FIG. 2 is a schematic view of such a LED light source 6 arranged on a slide 7 which is detachably receivable in an associated frame 8 of the housing 4, such frame 8, in its internal area, being open towards the internal area of the housing 4, so that the said internal area can be supplied with the UV light of the LED light source 6. The slide 7 is insertable in the frame 8 and can be pulled out thereof. FIG. 1 shows the slide 7 inserted in the associated frame 8, in FIG. 2 it is pulled out. The slide 7, in inserted position, is detachably attached in the frame 8 by means of a suitable snap-on device. In order to release the snap-on connection, the slide 7 may be provided with an unlocking element 9, as is indicated in FIG. 2, which may be expediently designed as a manually actuatable unlocking button. For the formation of the snap-on device, provision may be made for snap-on elements in mutual engagement in the region of the slide 7 and the frame 8. In the example illustrated, the unlocking element 9, for this purpose, is provided with latching teeth 10 overlapping associated counter element in snap-on position.

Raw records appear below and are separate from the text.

(* The kernel invariance algebra $\mathfrak g^\cap=\bigcap_V\mathfrak g_V$ of the class of equations $i\psi_t+\psi_{xx}+V(t,x)\psi=0$, the intersection running over all smooth complex-valued potentials $V$, is the two-dimensional algebra $\langle M,I\rangle$.
   Context: For a smooth complex-valued potential $V(t,x)$, $\mathfrak g_V$ is the maximal Lie invariance algebra of the linear Schrödinger equation $i\psi_t+\psi_{xx}+V(t,x)\psi=0$ ($\psi$ complex-valued, $t,x$ real), whose elements are vector fields on the space of $(t,x,\psi,\psi^* )$ with $\psi^*$ treated as an additional dependent variable. $M=i\psi\partial_\psi-i\psi^*\partial_{\psi^*}$, $I=\psi\partial_\psi+\psi^*\partial_{\psi^*}$. *)

From Stdlib Require Import Reals List.
From Coquelicot Require Import Coquelicot.
Open Scope R_scope.

(* Real coordinates: psi = u + i v (so psi^* = u - i v), V = V1 + i V2.
   A (real) vector field on the space (t,x,psi,psi^* ) is
     Q = tau d_t + xi d_x + eta d_psi + eta^* d_psi^*,
   written in real coordinates as  tau d_t + xi d_x + al d_u + be d_v
   with eta = al + i be. *)

Definition F4 := R -> R -> R -> R -> R.
Definition F2 := R -> R -> R.

Definition pd (i : nat) (f : F4) : F4 := fun a b c d =>
  match i with
  | 0 => Derive (fun s => f s b c d) a
  | 1 => Derive (fun s => f a s c d) b
  | 2 => Derive (fun s => f a b s d) c
  | _ => Derive (fun s => f a b c s) d
  end.

Definition ex_pd (i : nat) (f : F4) (a b c d : R) : Prop :=
  match i with
  | 0 => ex_derive (fun s => f s b c d) a
  | 1 => ex_derive (fun s => f a s c d) b
  | 2 => ex_derive (fun s => f a b s d) c
  | _ => ex_derive (fun s => f a b c s) d
  end.

Fixpoint pds (l : list nat) (f : F4) : F4 :=
  match l with
  | nil => f
  | i :: l' => pd i (pds l' f)
  end.

Definition uncurry4 (f : F4) (p : R * R * R * R) : R :=
  f (fst (fst (fst p))) (snd (fst (fst p))) (snd (fst p)) (snd p).

Definition Smooth4 (f : F4) : Prop :=
  forall l : list nat,
    (forall i a b c d, ex_pd i (pds l f) a b c d) /\
    (forall p, continuous (uncurry4 (pds l f)) p).

Definition Smooth2 (f : F2) : Prop := Smooth4 (fun t x _ _ => f t x).

Definition dt (f : F2) : F2 := fun t x => Derive (fun s => f s x) t.
Definition dx (f : F2) : F2 := fun t x => Derive (fun s => f t s) x.

Section Prolongation.
Variables (tau xi al be : F4) (u v : F2).

Definition along (g : F4) : F2 := fun t x => g t x (u t x) (v t x).

(* characteristics W = eta - tau psi_t - xi psi_x, real and imaginary parts *)
Definition Wu : F2 := fun t x =>
  along al t x - along tau t x * dt u t x - along xi t x * dx u t x.
Definition Wv : F2 := fun t x =>
  along be t x - along tau t x * dt v t x - along xi t x * dx v t x.

(* prolongation coefficients phi^J = D_J W + tau w_{J t} + xi w_{J x},
   total derivatives computed along the section *)
Definition phi_t (W : F2) (w : F2) : F2 := fun t x =>
  dt W t x + along tau t x * dt (dt w) t x + along xi t x * dx (dt w) t x.
Definition phi_xx (W : F2) (w : F2) : F2 := fun t x =>
  dx (dx W) t x + along tau t x * dx (dx (dt w)) t x
                + along xi t x * dx (dx (dx w)) t x.
End Prolongation.

(* Real and imaginary parts of  i psi_t + psi_xx + V psi  along a section *)
Definition Delta1 (V1 V2 u v : F2) : F2 := fun t x =>
  - dt v t x + dx (dx u) t x + V1 t x * u t x - V2 t x * v t x.
Definition Delta2 (V1 V2 u v : F2) : F2 := fun t x =>
  dt u t x + dx (dx v) t x + V1 t x * v t x + V2 t x * u t x.

(* pr^(2) Q applied to Delta1, Delta2, evaluated at the 2-jet of the section *)
Definition prDelta1 (V1 V2 : F2) (tau xi al be : F4) (u v : F2) : F2 :=
  fun t x =>
  - phi_t tau xi u v (Wv tau xi be u v) v t x
  + phi_xx tau xi u v (Wu tau xi al u v) u t x
  + (along u v tau t x * dt V1 t x + along u v xi t x * dx V1 t x) * u t x
  + V1 t x * along u v al t x
  - (along u v tau t x * dt V2 t x + along u v xi t x * dx V2 t x) * v t x
  - V2 t x * along u v be t x.

Definition prDelta2 (V1 V2 : F2) (tau xi al be : F4) (u v : F2) : F2 :=
  fun t x =>
  phi_t tau xi u v (Wu tau xi al u v) u t x
  + phi_xx tau xi u v (Wv tau xi be u v) v t x
  + (along u v tau t x * dt V1 t x + along u v xi t x * dx V1 t x) * v t x
  + V1 t x * along u v be t x
  + (along u v tau t x * dt V2 t x + along u v xi t x * dx V2 t x) * u t x
  + V2 t x * along u v al t x.

(* Infinitesimal invariance criterion: pr^(2) Q (Delta) = 0 on the manifold
   Delta = 0 in the second-order jet space.  Every 2-jet is the 2-jet of a
   smooth (polynomial) section at a point, so quantifying over smooth
   sections and points is the same as quantifying over jet points. *)
Definition is_Lie_symmetry (V1 V2 : F2) (tau xi al be : F4) : Prop :=
  forall u v : F2, Smooth2 u -> Smooth2 v ->
  forall t x : R,
    Delta1 V1 V2 u v t x = 0 -> Delta2 V1 V2 u v t x = 0 ->
    prDelta1 V1 V2 tau xi al be u v t x = 0 /\
    prDelta2 V1 V2 tau xi al be u v t x = 0.

Definition in_gV (V1 V2 : F2) (tau xi al be : F4) : Prop :=
  Smooth4 tau /\ Smooth4 xi /\ Smooth4 al /\ Smooth4 be /\
  is_Lie_symmetry V1 V2 tau xi al be.

Definition in_kernel (tau xi al be : F4) : Prop :=
  forall V1 V2 : F2, Smooth2 V1 -> Smooth2 V2 -> in_gV V1 V2 tau xi al be.

(* Q = c1 M + c2 I with M = i psi d_psi - i psi^* d_psi^*  (al = -v, be = u)
   and I = psi d_psi + psi^* d_psi^*  (al = u, be = v); real span. *)
Definition in_span_M_I (tau xi al be : F4) : Prop :=
  exists c1 c2 : R, forall t x u v : R,
    tau t x u v = 0 /\ xi t x u v = 0 /\
    al t x u v = c1 * (- v) + c2 * u /\
    be t x u v = c1 * u + c2 * v.

(* M and I generate multiplication of psi by the constants i and 1; the equation being complex
   linear, they are symmetries for every potential.

   Conversely, let Q lie in every g_V.  Adding to V a potential that vanishes at a point where
   psi <> 0 changes the prolonged operator only by psi (tau V_t + xi V_x), so tau = xi = 0.  The
   invariance condition then says that eta(t, x, psi) solves the equation (at the point) whenever
   psi does.  Testing it on the sections psi0 + (t - t0) and psi0 + i (t - t0), which solve the
   equation at (t0, x0) for suitable constant potentials, gives eta_psi = eta / psi and
   eta_psi* = 0, so that eta / psi depends on (t, x) only: eta = H(t, x) psi.  Testing on psi = 1
   and psi = x with V = 0 shows that H solves the free equation and that H_x = 0; hence H is
   constant, and Q = Im H M + Re H I. *)

From Stdlib Require Import Reals Lra List.
From Coquelicot Require Import Coquelicot Derive_2d.
Open Scope R_scope.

In order to obtain a high degree of functional safety, the slide 7 may be equipped with a push button 22, indicated in FIG. 2, which can switch on and switch off the LED light source 6. The push button is arranged in such a manner that it can be actuated to switch on the LED light source 6 by an associated element provided in the region of the socket 8 only when the slide 7 is entirely inserted in the socket 8 which likewise increases functional safety. To further increase functional safety, provision may also be made for an operating display device 23, for example formed by a control lamp, indicated in FIG. 2, and in this example, associated with the slide 7. Such control lamp may advantageously be arranged in a manner that it can be seen by the wearer of the respiratory protection mask.
The slide 7 possesses, as is clearly illustrated in FIG. 2, a bulge provided in the rear in insert direction, associated with the unlocking element 9, from which protrudes a flat, longish, latch shaped appendage 12 on which the LED light source 6 is received. The housing-side frame 8 associated with the slide 7 as mentioned earlier is open towards the housing 4. Correspondingly, the LED light source 6 is arranged on the slide 7 in such a manner that, when the slide 7 is inserted in the frame 8, it is located in a region of the frame 8 which is open towards the internal area of the housing 4, and thus can irradiate the internal area of the housing 4 in order to disinfect the air passing through.

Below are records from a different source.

Lemma c_rec_entry t j : c t.+1 j 0 =
  (1 - Gam j j) * (E j j * c t j 0 + (C *m u t) j 0) + Gam j j * c 0%N j 0.
Proof.
rewrite c_rec -!mulmxA mxE [X in X + _]mxE.
by rewrite !diag1B_mulmxE // !diag_mulmxE //; ring.
Qed.

Lemma stuck_creator_telescope_eq0 j :
  1 <= (1 - Gam j j) * E j j -> forall t, telescope c t j 0 = 0.
Proof.
move=> stuck t; have /andP[Gam_j_ge0 Gam_j_le1] := Gam_01 j.
have /andP[E_j_ge0 E_j_le1] := E_01 j.
have GE_ge0 := mulr_ge0 Gam_j_ge0 E_j_ge0.
have E_j1 : E j j = 1 by move: stuck; rewrite mulrBl mul1r; lra.
have Gam_j0 : Gam j j = 0 by move: stuck; rewrite E_j1 mulr1; lra.
have C_j0 k : C j k = 0.
  have C_j_sum0 : \sum_k C j k = 0.
    by have := EC_stochastic j; rewrite E_j1; lra.
  exact: (psumr_eq0P (fun k _ => C_ge0 j k) C_j_sum0).
have C_j_mul0 : (C *m u t) j 0 = 0.
  by rewrite mxE big1 // => k _; rewrite C_j0 mul0r.
by rewrite /telescope /= mxE c_rec_entry C_j_mul0 Gam_j0 E_j1 mxE; ring.
Qed.

Lemma norm_telescope_u_le m : 0 <= m -> (forall i, 1 - Lam i i <= m) ->
  forall t,
    `|telescope u t.+1| <= m * Num.max `|telescope u t| `|telescope c t|.
Proof.
move=> m_ge0 Lam_le_m t; set W := Num.max _ _.
have W_ge0 : 0 <= W by rewrite le_max normr_ge0.
apply: mx_norm_le => [|i j]; first exact: mulr_ge0.
have /andP[_ Lam_i_le1] := Lam_01 i.
rewrite telescope_u_rec diag1B_mulmxE // normrM ger0_norm ?subr_ge0 //.
apply: ler_pM; rewrite ?subr_ge0 //.
rewrite mxE -[W]mul1r -(AB_stochastic i) mulrDl.
apply: le_trans (ler_normD _ _) (lerD _ _).
- apply: le_trans (norm_mulmx_entry_le _ _ (A_ge0 i)) _.
  by rewrite ler_wpM2l ?sumr_ge0 ?le_max ?lexx.
- apply: le_trans (norm_mulmx_entry_le _ _ (B_ge0 i)) _.
  by rewrite ler_wpM2l ?sumr_ge0 ?le_max ?lexx ?orbT.
Qed.

Lemma norm_telescope_c_le m : 0 <= m -> m <= 1 ->
    (forall j, (1 - Gam j j) * E j j < 1 -> (1 - Gam j j) * E j j <= m) ->
  forall t, `|telescope c t.+1| <=
    m * Num.max `|telescope u t| `|telescope c t| + (1 - m) * `|telescope u t|.
Proof.
move=> m_ge0 m_le1 f_le_m t.
set U := `|telescope u t|; set V := `|telescope c t|; set W := Num.max U V.
have U_ge0 : 0 <= U := normr_ge0 _.
have U_le_W : U <= W by rewrite le_max lexx.
have V_le_W : V <= W by rewrite le_max lexx orbT.
have bound_ge0 : 0 <= m * W + (1 - m) * U by have := le_trans U_ge0 U_le_W; nra.
apply: mx_norm_le => // j k.
rewrite (ord1 k).
have [f_lt1|stuck] := ltP ((1 - Gam j j) * E j j) 1; last first.
  by rewrite stuck_creator_telescope_eq0 // normr0.
have /andP[Gam_j_ge0 Gam_j_le1] := Gam_01 j.
have /andP[E_j_ge0 E_j_le1] := E_01 j.
have f_j_le_m := f_le_m j f_lt1.
have C_term : `|(C *m telescope u t) j 0| <= (1 - E j j) * U.
  have -> : 1 - E j j = \sum_k C j k by have := EC_stochastic j; lra.
  exact: norm_mulmx_entry_le _ _ (C_ge0 j).
have E_term : `|E j j * telescope c t j 0| <= E j j * V.
  by rewrite normrM ger0_norm // ler_wpM2l // mx_entry_le_norm.
rewrite telescope_c_rec diag1B_mulmxE // normrM ger0_norm ?subr_ge0 //.
rewrite mxE diag_mulmxE //.
apply: le_trans (ler_wpM2l _ (le_trans (ler_normD _ _) (lerD E_term C_term))) _.
  by rewrite subr_ge0.
have f_ge0 : 0 <= (1 - Gam j j) * E j j by rewrite mulr_ge0 ?subr_ge0.
have : 0 <= (m - (1 - Gam j j) * E j j) * (W - U) by rewrite mulr_ge0 ?subr_ge0.
have : 0 <= (1 - Gam j j) * E j j * (W - V) by rewrite mulr_ge0 ?subr_ge0.
have := mulr_ge0 Gam_j_ge0 U_ge0.
lra.
Qed.

Lemma cvg_users : cvgn u.
Proof.
have Lam_lt1 i : 1 - Lam i i < 1 by have /andP[] := Lam_01 i; lra.
have [m1 /andP[m1_ge0 m1_lt1] Lam_le_m1] :=
  @finite_lt1_bound _ _ predT _ (fun i _ => Lam_lt1 i).
have [m2 /andP[m2_ge0 m2_lt1] f_le_m2] :=
  @finite_lt1_bound _ _ (fun j => (1 - Gam j j) * E j j < 1) _
    (fun j f_lt1 => f_lt1).
pose m := Num.max m1 m2.
have m_ge0 : 0 <= m by rewrite le_max m1_ge0.
have m_01 : 0 <= m < 1 by rewrite m_ge0 gt_max m1_lt1.
have Lam_le_m i : 1 - Lam i i <= m by rewrite le_max Lam_le_m1.
have f_le_m j : (1 - Gam j j) * E j j < 1 -> (1 - Gam j j) * E j j <= m.
  by move=> f_lt1; rewrite le_max (f_le_m2 j f_lt1) orbT.
have [K [r [r_01 u_le]]] := coupled_contraction_decay
  (x := fun t => `|telescope u t|) (y := fun t => `|telescope c t|)
  m_01 (fun t => normr_ge0 _) (fun t => normr_ge0 _)
  (norm_telescope_u_le m_ge0 Lam_le_m)
  (norm_telescope_c_le m_ge0 (ltW (andP m_01).2) f_le_m).
exact: cvg_geometric_telescope r_01 u_le.
Qed.

End CoupledDynamics.

Theorem theorem1 (R : realType) (N M : nat) (hN : (0 < N)%N) (hM : (0 < M)%N)
  (Lam : 'M[R]_N) (A : 'M[R]_N) (B : 'M[R]_(N, M))
  (Gam : 'M[R]_M) (E : 'M[R]_M) (C : 'M[R]_(M, N))
  (part : 'I_N -> 'I_M)
  (u : nat -> 'cV[R]_N) (c : nat -> 'cV[R]_M)
  (* Lambda: diagonal, entries in (0,1] *)
  (hLd : diag_matrix Lam)
  (hL : forall i, 0 < Lam i i <= 1)
  (* A: entries in [0,1], nonzero diagonal *)
  (hA : forall i j, 0 <= A i j <= 1)
  (hAd : forall i, A i i != 0)
  (* B: entries in [0,1], supported on the static partition *)
  (hB : forall i j, 0 <= B i j <= 1)
  (hBp : forall i j, j != part i -> B i j = 0)
  (hAB : forall i, \sum_j A i j + \sum_j B i j = 1)
  (* Gamma, E: diagonal with entries in [0,1] *)
  (hGd : diag_matrix Gam) (hG : forall j k, 0 <= Gam j k <= 1)
  (hEd : diag_matrix E) (hE : forall j k, 0 <= E j k <= 1)
  (* C: entries in [0,1], C j i = 0 unless user i consumes creator j *)
  (hC : forall j i, 0 <= C j i <= 1)
  (hCp : forall j i, part i != j -> C j i = 0)
  (hEC : forall j, E j j + \sum_i C j i = 1)
  (* initial opinions in [-1,1] *)
  (hu0 : forall i, -1 <= u 0%N i 0 <= 1)
  (hc0 : forall j, -1 <= c 0%N j 0 <= 1)
  (* dynamics *)
  (hu : forall t, u t.+1 = (1%:M - Lam) *m A *m u t + Lam *m u 0%N
                           + (1%:M - Lam) *m B *m c t)
  (hc : forall t, c t.+1 = (1%:M - Gam) *m E *m c t + Gam *m c 0%N
                           + (1%:M - Gam) *m C *m u t) :
  (exists ustar : 'cV[R]_N, u @ \oo --> ustar) /\
  (forall i : 'I_N, \sum_j A i j + \sum_j B i j = 1).
Proof.
split; last exact: hAB.
have A_ge0 i k : 0 <= A i k by case/andP: (hA i k).
have B_ge0 i k : 0 <= B i k by case/andP: (hB i k).
have C_ge0 j k : 0 <= C j k by case/andP: (hC j k).
have u_cvg := cvg_users hLd hL A_ge0 B_ge0 hAB hGd (fun j => hG j j) hEd
  (fun j => hE j j) C_ge0 hEC hu hc.
by exists (limn u).
Qed.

As it will be evident from FIG. 3, the housing 4 which, to facilitate manufacture, may comprise two detachably mutually attachable halves 4 a, 4 b possesses a region in the shape of a cylinder section and an appendage 14 adjoining its jacket 13, in the fashion of a secant, comprising the frame 8. The latter, as can be seen in FIG. 3, is designed as a recess of the appendage 14, intersected with the air irradiation chamber 16 formed by the internal area of the housing 4, comprising guide surfaces 15 associated with the slide 7 and exhibiting a clear configuration adapted to the external configuration of the slide 7.
The LED light source 6 of the slide 7 is placed in a region of the slide 7 reaching the recess of the appendage 14 forming the frame 8 intersected with the air irradiation chamber 16 when the slide 7 is inserted in the frame 8. The input and output of the housing 4 is associated with the mutually opposite end faces of the housing 4. Correspondingly, the two housing halves 4 a, 4 b comprise the input communicating with the environment or the output communicating with the internal area of the face mask part 2.

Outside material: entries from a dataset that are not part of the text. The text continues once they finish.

(* Consider the two-server network of re-entrant lines with infinite supply described in the context, and suppose it is critical, i.e. $\sum_{j\in C_1(i)}\mu_{i,j}^{-1}=\sum_{j\in C_2(i)}\mu_{i,j}^{-1}$ for every $i=1,\dots,S$, where $C_\ell(i)=\{j\in\{0,\dots,n_i\}:\sigma(i,j)=\ell\}$. Then the network is non-stabilizable: there is no deterministic stationary non-idling policy under which the associated Markov process has a positive recurrent class that is reached with probability 1.
   Context: There are two servers, labeled 1 and 2, and $S\ge1$ job streams. Stream $i$ has $n_i+1$ operations $(i,0),(i,1),\dots,(i,n_i)$ with $n_i\ge1$; each operation $(i,j)$ is performed by a unique server $\sigma(i,j)\in\{1,2\}$ and completes at exponential rate $\mu_{i,j}>0$ (preemption allowed). Operation $(i,0)$ draws from an infinite supply of raw material and is always available; each operation $(i,j)$ with $j\ge1$ has an associated queue, so there are $M=\sum_i n_i$ queues and the state is the vector of queue lengths in $\mathbb{Z}_+^M$. Completion of $(i,0)$ adds a job to the queue of $(i,1)$; completion of $(i,j)$ for $1\le j\le n_i-1$ moves a job from the queue of $(i,j)$ to the queue of $(i,j+1)$; completion of $(i,n_i)$ removes a job from the queue of $(i,n_i)$. An operation $(i,j)$ with $j\ge1$ may be performed only if its queue is non-empty. A non-idling (deterministic stationary) policy assigns, as a function of the state, to each server one of its operations that may be performed. Given a policy, the chosen operations run simultaneously and the state jumps according to whichever completes first, giving a Markov jump process (equivalently its embedded discrete-time chain). The network is non-stabilizable if no non-idling policy makes this process have a positive recurrent class reached with probability 1. *)

From HB Require Import structures.
From mathcomp Require Import all_boot all_order all_algebra.
From mathcomp Require Import all_classical all_reals all_analysis.
From Stdlib Require Import Relations.

Set Implicit Arguments.
Unset Strict Implicit.
Unset Printing Implicit Defensive.

Import Order.TTheory GRing.Theory Num.Theory numFieldNormedType.Exports.
Local Open Scope classical_set_scope.
Local Open Scope ring_scope.

(* Generic discrete-time Markov chain on an eqType T whose transition   *)
(* kernel has finite support: [step x] lists pairs (probability, next). *)
(* (Repeated targets are allowed; their weights add up.)               *)
Section Chain.
Variables (R : realType) (T : eqType) (step : T -> seq (R * T)).

Definition edge (x y : T) : Prop := has (fun p => (p.2 == y) && (0 < p.1)) (step x).

Definition leads : relation T := clos_refl_trans T edge.
(* Let $L$ be a slim semimodular lattice of length $n$ and let $D$ be a planar diagram of $L$ with left boundary chain $0=c_0\prec\dots\prec c_n=1$ and right boundary chain $0=d_0\prec\dots\prec d_n=1$. Let $\pi_1,\pi_2,\pi_3$ be the permutations associated with $D$ as defined below. Then $\pi_1=\pi_2=\pi_3$.
   Context: A finite lattice is slim if its join-irreducible elements (including $0$) contain no three-element antichain; semimodular means $a\prec b$ implies $a\vee c\preceq b\vee c$. Slim lattices are planar; in a planar diagram of a slim semimodular lattice all cells (minimal regions bounded by edges) are 4-cells, i.e. four-element cover-preserving sublattices of length 2. Diagrams are considered up to boundary similarity (an isomorphism preserving left and right boundary chains). $\pi_1$: for $i\in\{1,\dots,n\}$ let $I_0=[c_{i-1},c_i]$; if $I_t$ is defined and is the left-hand (lower or upper) edge of a 4-cell lying to its right, let $I_{t+1}$ be the opposite edge of that 4-cell; the sequence $I_0,\dots,I_m$ (the trajectory) ends on the right boundary chain at $I_m=[d_{j-1},d_j]$, and $\pi_1(i)=j$ (this is known to be well defined and a permutation). $\pi_2$: for $i\in\{1,\dots,n\}$ take a meet-irreducible $u\in L$, $u\neq1$, such that $c_i$ is the smallest element of the left boundary chain not $\le u$; let $d_j$ be the smallest element of the right boundary chain not $\le u$; $\pi_2(i)=j$. $\pi_3$: let $G$ be the direct product of the chains $\{c_0,\dots,c_n\}$ and $\{d_0,\dots,d_n\}$, writing $c_i\vee d_j$ for the pair $(c_i,d_j)$; let $\eta\colon G\to L$, $c_i\vee_G d_j\mapsto c_i\vee_L d_j$, and let $\beta_D$ be the kernel of $\eta$. For a join-congruence $\alpha$ of $G$ and $i,j\ge1$, the 4-cell $\{c_{i-1}\vee d_{j-1},c_{i-1}\vee d_j,c_i\vee d_{j-1},c_i\vee d_j\}$ is a source cell of $\alpha$ if $c_{i-1}\vee d_j$, $c_i\vee d_{j-1}$, $c_i\vee d_j$ lie in one $\alpha$-class not containing $c_{i-1}\vee d_{j-1}$. $\pi_3(i)=j$ iff the 4-cell with top $c_i\vee d_j$ is a source cell of $\beta_D$. *)

From HB Require Import structures.
From mathcomp Require Import all_boot all_order all_fingroup.
Set Implicit Arguments. Unset Strict Implicit. Unset Printing Implicit Defensive.
Import Order.Theory.
Local Open Scope order_scope.

Section LatticeNotions.
Context {disp : Order.disp_t} {T : tbLatticeType disp}.

Definition covers (x y : T) : Prop := x < y /\ forall z, ~ (x < z /\ z < y).

Definition incomp (x y : T) : Prop := ~ (x <= y) /\ ~ (y <= x).

(* join-irreducible; with this convention 0 is join-irreducible, as in the paper *)
Definition join_irr (x : T) : Prop := forall y z, x = y `|` z -> x = y \/ x = z.

(* meet-irreducible (1 satisfies this trivially; the paper adds u <> 1 separately) *)
Definition meet_irr (x : T) : Prop := forall y z, x = y `&` z -> x = y \/ x = z.

Definition slim : Prop :=
  forall x y z, join_irr x -> join_irr y -> join_irr z ->
    ~ (incomp x y /\ incomp y z /\ incomp x z).

Definition semimodular : Prop :=
  forall a b c, covers a b -> covers (a `|` c) (b `|` c) \/ a `|` c = b `|` c.

Definition lattice_length (n : nat) : Prop :=
  (exists s : seq T, sorted <%O s /\ size s = n.+1) /\
  (forall s : seq T, sorted <%O s -> (size s <= n.+1)%N).

(* A planar diagram up to (boundary) similarity, encoded by its left-right
   relation: [lr x y] means "x is strictly to the left of y" (only for
   incomparable x, y).  lr must be total and asymmetric on incomparable pairs,
   and both (<=) ∪ lr and (<=) ∪ lr^{-1} must be transitive (Kelly–Rival). *)
Definition planar_diagram (lr : T -> T -> Prop) : Prop :=
  [/\ (forall x y, lr x y -> incomp x y),
      (forall x y, incomp x y -> lr x y \/ lr y x),
      (forall x y, ~ (lr x y /\ lr y x)),
      (forall x y z, (x <= y \/ lr x y) -> (y <= z \/ lr y z) -> (x <= z \/ lr x z))
    & (forall x y z, (x <= y \/ lr y x) -> (y <= z \/ lr z y) -> (x <= z \/ lr z x))].

Definition left_boundary (lr : T -> T -> Prop) (c : nat -> T) (n : nat) : Prop :=
  [/\ c 0%N = \bot, c n = \top,
      (forall k, (k < n)%N -> covers (c k) (c k.+1))
    & (forall k y, (k <= n)%N -> incomp (c k) y -> lr (c k) y)].

Definition right_boundary (lr : T -> T -> Prop) (d : nat -> T) (n : nat) : Prop :=
  [/\ d 0%N = \bot, d n = \top,
      (forall k, (k < n)%N -> covers (d k) (d k.+1))
    & (forall k y, (k <= n)%N -> incomp (d k) y -> lr y (d k))].

(* A (4-)cell of the diagram with bottom o, left corner a, right corner b, top t:
   a covering square with a to the left of b and no element inside the region. *)
Definition cell (lr : T -> T -> Prop) (o a b t : T) : Prop :=
  [/\ covers o a, covers a t, covers o b, covers b t
    & lr a b /\ forall x, o < x -> x < t -> x <> a -> x <> b -> ~ (lr a x /\ lr x b)].

(* one step of a trajectory: e is the left-hand (lower or upper) edge of a
   4-cell lying to its right, and e' is the opposite edge of that cell *)
Definition traj_step (lr : T -> T -> Prop) (e e' : T * T) : Prop :=
  exists o a b t, cell lr o a b t /\
    ((e = (o, a) /\ e' = (b, t)) \/ (e = (a, t) /\ e' = (o, b))).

Since the UV radiation generated in the air irradiation chamber 16 may be dangerous for the human eye and skin, the said UV radiation will be screened towards the environment and the internal area of the face mask part 2. For this purpose, as is further illustrated in FIG. 3, slat arrangements with parallel, mutually spaced slats 17, which are tilted towards the housing axis, are associated with the input and output of the housing 4. The slats 17 associated with the input provided in the region of the housing half 4 a may be provided in the region of the outer side of the housing. The slats 17 associated with the output provided in the region of the other housing half 4 b are expediently provided in the region of the internal side of the housing, so that a collision with the connecting pieces 5 or with the installations in the form of filters etc. existing in the region of the connecting piece 5 of the face mask part 2 is prevented.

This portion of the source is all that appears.